Submit on Canvas by Tuesday 10/25/22 at 11:53 PM. Ask questions and discuss on Piazza. Have fun!
The data (in the file ReachData.npz
) is available here and can be loaded
as shown below. Please note that a .mat file of the same data for those who prefer MATLAB has been made available under Files --> Data on
Canvas due to size restrictions on github. Unfortunately, I will not be able to provide any MATLAB coding support. A demo notebook playing
around a little with the data will be shared at this link here (notebook from lecture).
import numpy as np
reachDataFile = np.load("ReachData.npz",allow_pickle=True)
spikeTimes = reachDataFile['spikeTimes']
timeTouchHeld = reachDataFile['timeTouchHeld']
timeGoCue = reachDataFile['timeGoCue']
timeTargetAcquire = reachDataFile['timeTargetAcquire']
cfr = reachDataFile['cfr']
Data description: There are 1127 trials, $N$, and 190 neurons, $D$. Each of the 1127 rows in the data arrays are in order of the trial meaning row \(n\) of each variable corresponds to row $n$ every other variable. Please note that all times are given in ms.
Define two windows of spikes, the "plan window" encompassing spikes which were emitted between target onset and the go cue, and the "movement window" encompassing spikes which were emitted between the go cue and the time movement ends (note that both types of windows are of different lengths for for different trials). Here is example code to find the array of spikes in the plan window:
planSpikes = []
for trialIdx, trialSpikes in enumerate(spikeTimes):
planSpikes.append([np.sum((st > timeTouchHeld[trialIdx]) &
(st < timeGoCue[trialIdx])) for st in trialSpikes])
planSpikes = np.array(planSpikes) # will be 1127 x 190
Randomly choose 50 trials per target to be set as the training data (400 trials total). The remainng trials
will be used as test data. We can describe the number of spikes that a neuron produces in each window (vector
of neural counts as $\textbf{d}_{plan}$ and $\textbf{d}_{move}$, where $\textbf{d}\in\mathbb{R}^{D}$, where $D$ is
the number of neurons) using a wide variety of random process models. Use the training data to estimate the parameters
of a target- direction-dependent vector Poisson process, i.e., $Pr(\textbf{d}_n∣target_k)∼Poisson(\textbf{λ}_k)$
$=$ $\prod^D_d Poisson(\textbf{λ}_{k,d})$.
In other words, calculate a Poisson model for each neuron and class - the rate for a class will be a vector the
size of the number of neurons. For each of the remaining test trials estimate the maximum loglikelihood reach target.
What is the overall decoding accuracy (i.e., what fraction of trials are decoded correctly) using only the plan window data?

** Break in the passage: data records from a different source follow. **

(* For every $C>0$ there exist a two-element state space $\Omega=\{a,b\}$, reversible ergodic Markov chains $\mathcal{M}$ and $\mathcal{M}'$ on $\Omega$ with the same stationary distribution $\pi$, and an $(\mathcal{M},\mathcal{M}')$-flow $f$ with $A(f)\le 3$, such that $$\tau_a\Big(\mathcal{M},\frac14\Big)\ >\ C\cdot A(f)\left[\tau\Big(\mathcal{M}',\frac{1}{2e}\Big)+1\right]\ln\frac{1}{\frac14\,\pi(a)}.$$ Concretely one may take $\mathcal{M}$ with $P(a,b)=P(b,a)=1-\delta$, $P(a,a)=P(b,b)=\delta$ for sufficiently small $\delta\in(0,\frac12]$, and $\mathcal{M}'$ the chain with $P'(x,y)=\frac12$ for all $x,y\in\Omega$. (Thus, unlike in the case of odd flows, no bound of this form in terms of the congestion of an arbitrary flow is possible.)
   Context: A (discrete-time) Markov chain on a finite state space $\Omega$ with transition matrix $P$ is ergodic if irreducible and aperiodic; it then has a unique stationary distribution $\pi>0$. It is reversible if $\pi(x)P(x,y)=\pi(y)P(y,x)$. Variation distance: $\|\theta_1-\theta_2\|=\frac12\sum_i|\theta_1(i)-\theta_2(i)|$. Mixing time: $\tau_x(\mathcal{M},\varepsilon)=\min\{t>0 \text{ integer}: \|P^{t'}(x,\cdot)-\pi\|\le\varepsilon \ \forall t'\ge t\}$, $\tau(\mathcal{M},\varepsilon)=\max_x\tau_x(\mathcal{M},\varepsilon)$. Flows: Let $\mathcal{M}$ have transition matrix $P$ and stationary distribution $\pi$, and $\mathcal{M}'$ have transition matrix $P'$ and stationary distribution $\pi'$. Let $E^*(\mathcal{M})=\{(x,y): P(x,y)>0\}$ (pairs not necessarily distinct), similarly $E^*(\mathcal{M}')$. For $(x,y)\in E^*(\mathcal{M}')$, $\mathcal{P}_{x,y}$ is the set of paths $\gamma=(x=x_0,\dots,x_k=y)$ with each $(x_i,x_{i+1})\in E^*(\mathcal{M})$ and each $(z,w)\in E^*(\mathcal{M})$ appearing at most twice as a consecutive pair on $\gamma$; $|\gamma|=k$. $\mathcal{P}=\bigcup_{(x,y)\in E^*(\mathcal{M}')}\mathcal{P}_{x,y}$. An $(\mathcal{M},\mathcal{M}')$-flow is $f:\mathcal{P}\to[0,1]$ with $\sum_{\gamma\in\mathcal{P}_{x,y}}f(\gamma)=\pi'(x)P'(x,y)$ for all $(x,y)\in E^*(\mathcal{M}')$. With $r((z,w),\gamma)$ the number of times $(z,w)$ appears on $\gamma$, $A_{z,w}(f)=\frac{1}{\pi(z)P(z,w)}\sum_{\gamma:(z,w)\in\gamma}r((z,w),\gamma)|\gamma|f(\gamma)$ and $A(f)=\max_{(z,w)\in E^*(\mathcal{M})}A_{z,w}(f)$. *)

From HB Require Import structures.
From mathcomp Require Import all_boot all_order all_algebra.
From mathcomp Require Import reals sequences exp.
Set Implicit Arguments. Unset Strict Implicit. Unset Printing Implicit Defensive.
Import Order.TTheory GRing.Theory Num.Theory.
Local Open Scope ring_scope.

Section MarkovDefs.
Variables (R : realType) (Omega : finType).

Definition stochastic (P : Omega -> Omega -> R) : Prop :=
  (forall x y, 0 <= P x y) /\ (forall x, \sum_(y : Omega) P x y = 1).

Fixpoint Pow (P : Omega -> Omega -> R) (t : nat) : Omega -> Omega -> R :=
  match t with
  | 0 => fun x y => (x == y)%:R
  | t'.+1 => fun x y => \sum_(z : Omega) Pow P t' x z * P z y
  end.

Definition irreducible (P : Omega -> Omega -> R) : Prop :=
  forall x y, exists t : nat, 0 < Pow P t x y.

(* gcd { t >= 1 : P^t(x,x) > 0 } = 1 for every state x *)
Definition aperiodic (P : Omega -> Omega -> R) : Prop :=
  forall x (d : nat), (forall t : nat, (0 < t)%N -> 0 < Pow P t x x -> (d %| t)%N) -> d = 1%N.

Definition ergodic (P : Omega -> Omega -> R) : Prop :=
  stochastic P /\ irreducible P /\ aperiodic P.

Definition stationary (P : Omega -> Omega -> R) (pi : Omega -> R) : Prop :=
  (forall x, 0 <= pi x) /\ \sum_(x : Omega) pi x = 1 /\
  (forall y, \sum_(x : Omega) pi x * P x y = pi y).

Definition reversible (P : Omega -> Omega -> R) (pi : Omega -> R) : Prop :=
  forall x y, pi x * P x y = pi y * P y x.

Definition tvd (mu nu : Omega -> R) : R :=
  2^-1 * \sum_(i : Omega) `|mu i - nu i|.

Definition good_from (P : Omega -> Omega -> R) (pi : Omega -> R) (x : Omega)
  (eps : R) (t : nat) : Prop :=
  (0 < t)%N /\ forall t' : nat, (t <= t')%N -> tvd (Pow P t' x) pi <= eps.

Definition is_mixing_time_from (P : Omega -> Omega -> R) (pi : Omega -> R)
  (x : Omega) (eps : R) (t : nat) : Prop :=
  good_from P pi x eps t /\ (forall s : nat, good_from P pi x eps s -> (t <= s)%N).

Definition is_mixing_time (P : Omega -> Omega -> R) (pi : Omega -> R)
  (eps : R) (t : nat) : Prop :=
  (forall x, exists tx, is_mixing_time_from P pi x eps tx /\ (tx <= t)%N) /\
  (exists x, is_mixing_time_from P pi x eps t).

(* A path gamma = (x_0, ..., x_k) is represented by its vertex sequence
   [:: x_0; ...; x_k] (k >= 0); its consecutive pairs are: *)
Definition edges_of (s : seq Omega) : seq (Omega * Omega) := zip s (behead s).

Definition plen (s : seq Omega) : nat := size (behead s).

Definition rcount (e : Omega * Omega) (s : seq Omega) : nat :=
  count (pred1 e) (edges_of s).

Definition is_path (P : Omega -> Omega -> R) (x y : Omega) (s : seq Omega) : bool :=
  match s with
  | [::] => false
  | x0 :: tl =>
      [&& x0 == x, last x0 tl == y,
          all (fun e => 0 < P e.1 e.2) (edges_of s) &
          all (fun e => (rcount e s <= 2)%N) (edges_of s)]
  end.
Lemma gap_or_height_left v v' i0 p (j0 j' : nat) : inV v -> inV v' -> v < v' ->
  (i0 < p <= n)%N -> v * L i0 + j0%:R = v' * L p + j'%:R ->
  tau <= v' - v \/ (H v < H v')%N.
Proof.
move=> Vv Vv' vv' /andP[i0p p_n] E.
have [g vZ] := inV_dl_int ell0 a0 den_d Vv; have [g' v'Z] := inV_dl_int ell0 a0 den_d Vv'.
have := hfun_transfer d0 ell0 E v'Z.
case: (leqP (H v') n) => [hv'_n | ]; last by right; lia.
case: (leqP (H v) n) => [hv_n _ | ]; last by lia.
left; apply: (@tau_le_of_int_mul _ (d * ell ^ n)); rewrite ?subr_gt0 ?muln_gt0 ?d0 ?expn_gt0 ?ell0 //.
by rewrite mulrBl rpredB // -/(dl_int d ell n _) (dl_intE d0 ell0 _ vZ, dl_intE d0 ell0 _ v'Z).
Qed.

Lemma gap_right v v' p i0 (j0 : nat) : inV v -> inV v' -> (p <= n)%N -> a p != 0 ->
  (forall i, (i <= n)%N -> a i != 0 -> v' * L p + val p <= v' * L i + val i) ->
  (forall i, (p < i <= n)%N -> a i != 0 -> v' * L p + val p < v' * L i + val i) ->
  (p < i0 <= n)%N -> (a i0)`_j0 != 0 -> v * L i0 + j0%:R = v' * L p + val p ->
  tau <= v' - v.
Proof.
move=> Vv Vv' p_n ap p_min p_rmin pi0n ai0j0 E; have /andP[p_i0 _] := pi0n.
have ai0 : a i0 != 0 by apply: contraNneq ai0j0 => ->; rewrite coef0.
have [mu [slope mu_v' line]] :=
  isSlope_right_of_min ell1 p_n ap p_min p_rmin pi0n ai0.
have [_ _ tau_le] := tau_spec.
have := tau_le mu v' slope Vv' mu_v'.
have [v_le | mu_v] := leP v (- mu); first lra.
have := tau_le mu v slope Vv mu_v.
suff : v + mu <= v' - v by lra.
have val_le : val i0 <= j0%:R by rewrite ler_nat valp_le.
have L_le : L p + L p <= L i0.
  rewrite -natrD addnn -mul2n ler_nat (leq_trans _ (leq_pexp2l ell0 p_i0)) //.
  by rewrite expnS leq_mul2r ell1 orbT.
have vmu_ge0 : 0 <= v + mu by lra.
have := ler_wpM2l vmu_ge0 L_le.
by move=> h; rewrite -(ler_pM2r (L_gt0 ell0 p)) !(mulrDl, mulrBl); lra.
Qed.

Lemma gap_or_height v v' q : inV v -> inV v' -> v < v' ->
  inPsi ell n a v q -> v' = piL ell n a q -> tau <= v' - v \/ (H v < H v')%N.
Proof.
move=> Vv Vv' vv' [i0 [j0 [i0_n ai0j0 Eq]]] Ev'.
have [p [p_n ap Ep p_rmin]] := piL_rightmost n ell0 a0 q; rewrite -Ev' in Ep p_rmin.
have E : v * L i0 + j0%:R = v' * L p + val p by rewrite -Eq.
case: (ltngtP i0 p) => [i0_p | p_i0 | i0p].
- by apply: gap_or_height_left Vv Vv' vv' _ E; rewrite i0_p.
- left; apply: gap_right Vv Vv' p_n ap _ _ _ ai0j0 E; rewrite ?p_i0 // -Ep.
  + by move=> i i_n ai; have := piL_ub ell0 q i_n (coef_valp ai); rewrite -Ev'.
  + by move=> i; apply: p_rmin.
- by left; rewrite -i0p in E; apply: gap_same_column vv' i0_n E.
Qed.

Lemma hfun_drop v v' q : inV v' -> inPsi ell n a v q -> v' = piL ell n a q ->
  (H v <= H v' + n)%N.
Proof.
move=> Vv' [i [j [i_n _ Eq]]] Ev'.
have [g v'Z] := inV_dl_int ell0 a0 den_d Vv'.
have [i' [_ _ Eq']] := piL_attained n ell0 a0 q; rewrite -Ev' in Eq'.
have E : v * L i + j%:R = v' * L i' + val i' by rewrite -Eq.
by have := hfun_transfer d0 ell0 E v'Z; lia.
Qed.

Lemma potential_step c v v' q : inV v -> inV v' -> v < v' ->
  inPsi ell n a v q -> v' = piL ell n a q ->
  (n.+1)%:R * (v + c) / tau + (H v)%:R + 1 <= (n.+1)%:R * (v' + c) / tau + (H v')%:R.
Proof.
move=> Vv Vv' vv' vq Ev'.
have tau0 := tau_gt0.
have -> : (n.+1)%:R * (v' + c) / tau = (n.+1)%:R * (v + c) / tau + (n.+1)%:R * (v' - v) / tau.
  by field; rewrite gt_eqF.
have drop : ((H v)%:R : rat) <= (H v')%:R + n%:R by rewrite -natrD ler_nat (hfun_drop Vv' vq).
have [gap | height] := gap_or_height Vv Vv' vv' vq Ev'.
- have : (n.+1)%:R <= (n.+1)%:R * (v' - v) / tau :> rat.
    by rewrite ler_pdivlMr // ler_pM2l ?ltr0n.
  rewrite -natr1; lra.
- have : ((H v)%:R : rat) + 1 <= (H v')%:R by rewrite natr1 ler_nat.
  have : 0 <= (n.+1)%:R * (v' - v) / tau :> rat.
    by rewrite divr_ge0 ?mulr_ge0 ?ltW ?subr_gt0.
  lra.
Qed.

End Steps.

Unset Implicit Arguments.
Theorem mainTheorem10 (K : fieldType) (ell n : nat) (a : nat -> {poly K})
  (d : nat) (muK tau : rat) (M : nat) (v : nat -> rat) :
  (2 <= ell)%N -> (1 <= n)%N -> a 0%N != 0 -> a n != 0 ->
  (1 <= d)%N -> (forall mu, isSlope ell n a mu -> (denq mu %| d%:Z)%Z) ->
  isSlope ell n a muK -> (forall mu, isSlope ell n a mu -> mu <= muK) ->
  is_tau ell n a d tau ->
  (forall i, (i <= M)%N -> inV ell n a (v i)) ->
  (forall i, (i < M)%N -> v i < v i.+1) ->
  (forall i, (i < M)%N -> exists q, inPsi ell n a (v i) q /\ v i.+1 = piL ell n a q) ->
  (M%:R : rat) <= (n.+1)%:R * (v M + muK) / tau + (hfun d ell (v M))%:R.
Proof.
move=> ell1 _ a0 _ d0 den_d _ muK_max tau_spec Vv v_lt v_step.
suff : forall k, (k <= M)%N ->
    (k%:R : rat) <= (n.+1)%:R * (v k + muK) / tau + (hfun d ell (v k))%:R by apply.
elim=> [_ | k IH kM].
  have v0_ge : 0 <= v 0%N + muK by have := inV_ge (ltnW ell1) muK_max (Vv 0%N isT); lra.
  have tau0 := tau_gt0 ell1 d0 tau_spec.
  by apply: addr_ge0; rewrite // divr_ge0 ?mulr_ge0 // ltW.
have [q [vq v_next]] := v_step k kM.
have := potential_step ell1 d0 a0 den_d tau_spec muK
  (Vv k (ltnW kM)) (Vv k.+1 kM) (v_lt k kM) vq v_next.
by apply: le_trans; rewrite -natr1 lerD2r IH // ltnW.
Qed.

Using only the movement window data? Combining both plan and movement data? Why might these be different? Do the accuracies
match your expectations? Why or why not?
In your model in Problem 1, you decoded maximum likelihood targets using all 190 neurons. Now, perform a "neuron dropping analysis". Starting with your full model, randomly eliminate neurons and evaluate decoding accuraccy in the reduced dataset. Eliminate between 20 and 180 neurons (by 20s -- so decode using between 10 and 190 neurons in steps of 20 neurons) -- average each point (number of neurons) by randomly choosing 20 neurons to be dropped 20 times (i.e., drop 20 neurons at each step 20 times to account for variability as some neurons probably contribute more information than others). Plot decoding accuracy as a function of the number of neurons available to the decoder. Describe what you see and hypothesize why this might be the case.